Mice orally vaccinated with Edwardsiella tarda ghosts are significantly protected against infection

• Published in: Vaccine Vol. 27; no. 10; pp. 1571 - 1578
• Main Authors: Wang, Xuepeng, Lu, Chengping
• Format: Journal Article
• Language: English
• Published: Kidlington Elsevier Ltd 04.03.2009; Elsevier
• Subjects: Administration, Oral; Allergy and Immunology; Animals; Antibodies, Bacterial - biosynthesis; Applied microbiology; Bacterial ghosts; Bacterial Vaccines - administration & dosage; Bacterial Vaccines - isolation & purification; Bacteriology; Bacteriophage phi X 174 - genetics; Base Sequence; Biological and medical sciences; Cell Membrane - immunology; Cell Membrane - ultrastructure; Cellular immunity; DNA, Viral - genetics; Edwardsiella tarda; Edwardsiella tarda - genetics; Edwardsiella tarda - immunology; Edwardsiella tarda - ultrastructure; Edwardsiella tarda - virology; Enterobacteriaceae Infections - immunology; Enterobacteriaceae Infections - prevention & control; Fundamental and applied biological sciences. Psychology; Genes, Viral; Humoral immunity; Mice; Mice, Inbred ICR; Microbiology; Microscopy, Electron, Scanning; Microscopy, Electron, Transmission; Miscellaneous; Oral vaccination; Plasmids - genetics; T-Lymphocyte Subsets - immunology; Vaccines, antisera, therapeutical immunoglobulins and monoclonal antibodies (general aspects); Bacterial ghosts; Cellular immunity; Oral vaccination; Edwardsiella tarda; Humoral immunity; Vaccination; Rodentia; Vaccine; Vertebrata; Mammalia; Mouse; Bacteria; Enterobacteriaceae
• ISSN: 0264-410X; 1873-2518
• DOI: 10.1016/j.vaccine.2009.01.002

Abstract Bacterial ghosts may be generated by the controlled expression of the phi X174 lysis gene E in Gram-negative bacteria and they are intriguing vaccine candidates since ghosts retain functional antigenic cellular determinants often lost during traditional inactivation procedures.
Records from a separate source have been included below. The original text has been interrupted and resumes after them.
Theorem mainTheorem9
  (m : nat -> nat) (q p : nat -> nat -> R)
  (hq_pos : forall n i, (1 <= n)%nat -> (i <= m n)%nat -> 0 < q n i)
  (hq_sum : forall n, (1 <= n)%nat -> psum (q n) (S (m n)) = 1)
  (hq_prod : forall d, valid_digits m d ->
      is_lim_seq (fun N => prod1 (fun l => q l (d l)) N) 0)
  (hp_bd : forall n i, (1 <= n)%nat -> (i <= m n)%nat -> -1 < p n i < 1)
  (hp_sum : forall n, (1 <= n)%nat -> psum (p n) (S (m n)) = 1)
  (hp_prod : forall d, valid_digits m d ->
      is_lim_seq (fun N => prod1 (fun l => Rabs (p l (d l))) N) 0)
  (hp_beta : forall n c, (1 <= n)%nat -> (1 <= c)%nat -> (c <= m n)%nat ->
      0 < psum (p n) c < 1)
  (hp_nonneg : forall n i, (1 <= n)%nat -> (i <= m n)%nat -> 0 <= p n i) :
  exists F : R -> R,
    (forall x d, 0 <= x <= 1 -> valid_digits m d -> nega_rep m q d x ->
       is_series (Fterm m p d) (F x)) /\
    F 0 = 0 /\ F 1 = 1 /\
    (forall x y, 0 <= x -> x <= y -> y <= 1 -> F x <= F y) /\
    (forall x, 0 <= x <= 1 -> forall eps, 0 < eps -> exists delta, 0 < delta /\
       forall y, 0 <= y <= 1 -> Rabs (y - x) < delta -> Rabs (F y - F x) < eps).
Proof.
  (* [hp_bd] is unused: it follows from [hp_nonneg] and [hp_sum]. *)
  assert (p_last_lt1 : forall n, (1 <= n)%nat -> psum (p n) (m n) < 1).
  { intros n Hn. destruct (m n) eqn:E; [simpl; lra|].
    apply (hp_beta n (S n0)); lia. }
  assert (p_len0 : forall j, valid_digits m j -> is_lim_seq (cyl_len p j) 0).
  { intros j V. refine (is_lim_seq_ext _ _ _ _ (hp_prod j V)).
    intro N. apply prod1_ext. intros l Hl. apply Rabs_pos_eq, hp_nonneg; [lia|]. apply V; lia. }
  set (F := cdf m q p).
  assert (HF : forall j (X Y : R), valid_digits m j -> is_series (Qterm q j) X ->
                 is_series (Qterm p j) Y -> F X = Y)
    by exact (cdf_digits m q p hq_pos hq_sum hp_nonneg hp_sum p_len0).
  assert (F0 : F 0 = 0).
  { apply (HF (fun _ => 0%nat)); [intros n _; lia | apply series_of_zero_digits ..]. }
  assert (F1 : F 1 = 1).
  { assert (Vm : valid_digits m m) by (intros n _; lia).
    apply (HF m 1 1 Vm); apply series_of_max_digits; auto; exact (hq_prod m Vm). }
  assert (Fmono : forall x y, 0 <= x -> x <= y -> y <= 1 -> F x <= F y)
    by (intros x y Hx Hxy _; apply cdf_nondecr; auto).
  exists F. split; [|split; [exact F0|split; [exact F1|split; [exact Fmono|]]]].
  - intros x d Hx V Hrep. pose proof (nega_digit_valid m d V) as Vn.
    destruct (digit_series_exists m p hp_nonneg hp_sum _ Vn) as [Y HY].
    rewrite (HF _ x Y Vn Hrep HY).
    exact (is_series_ext _ _ _ (fun k => eq_sym (Fterm_nega m p d k)) HY).
  - apply (nondecr_onto_continuous F 0 1 Fmono).
    rewrite F0, F1. exact (cdf_onto m q p hq_pos hq_sum hp_nonneg hp_sum p_last_lt1 p_len0).
Qed.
The Edwardsiella tarda ghost (ETG) vaccine was prepared using this technology and tested in vaccination trials. Control groups included mice immunized with formalin-killed E. tarda (FKC) or mice treated with phosphate-buffered saline (PBS), respectively. The results showed that serum IgA and IgG antibody titers were significantly higher in the ETG-vaccinated group compared to the other groups. In addition, CD8+ T cell counts in peripheral blood were elevated in the ETG groups. Most important, ETG-immunized mice were significantly protected against E. tarda challenge (86.7% survival) compared to 73.3 and 33.3% survival in the FKC-immunized and PBS-treated control, respectively, suggesting that an ETG oral vaccine could confer protection against infection in a mouse model of disease.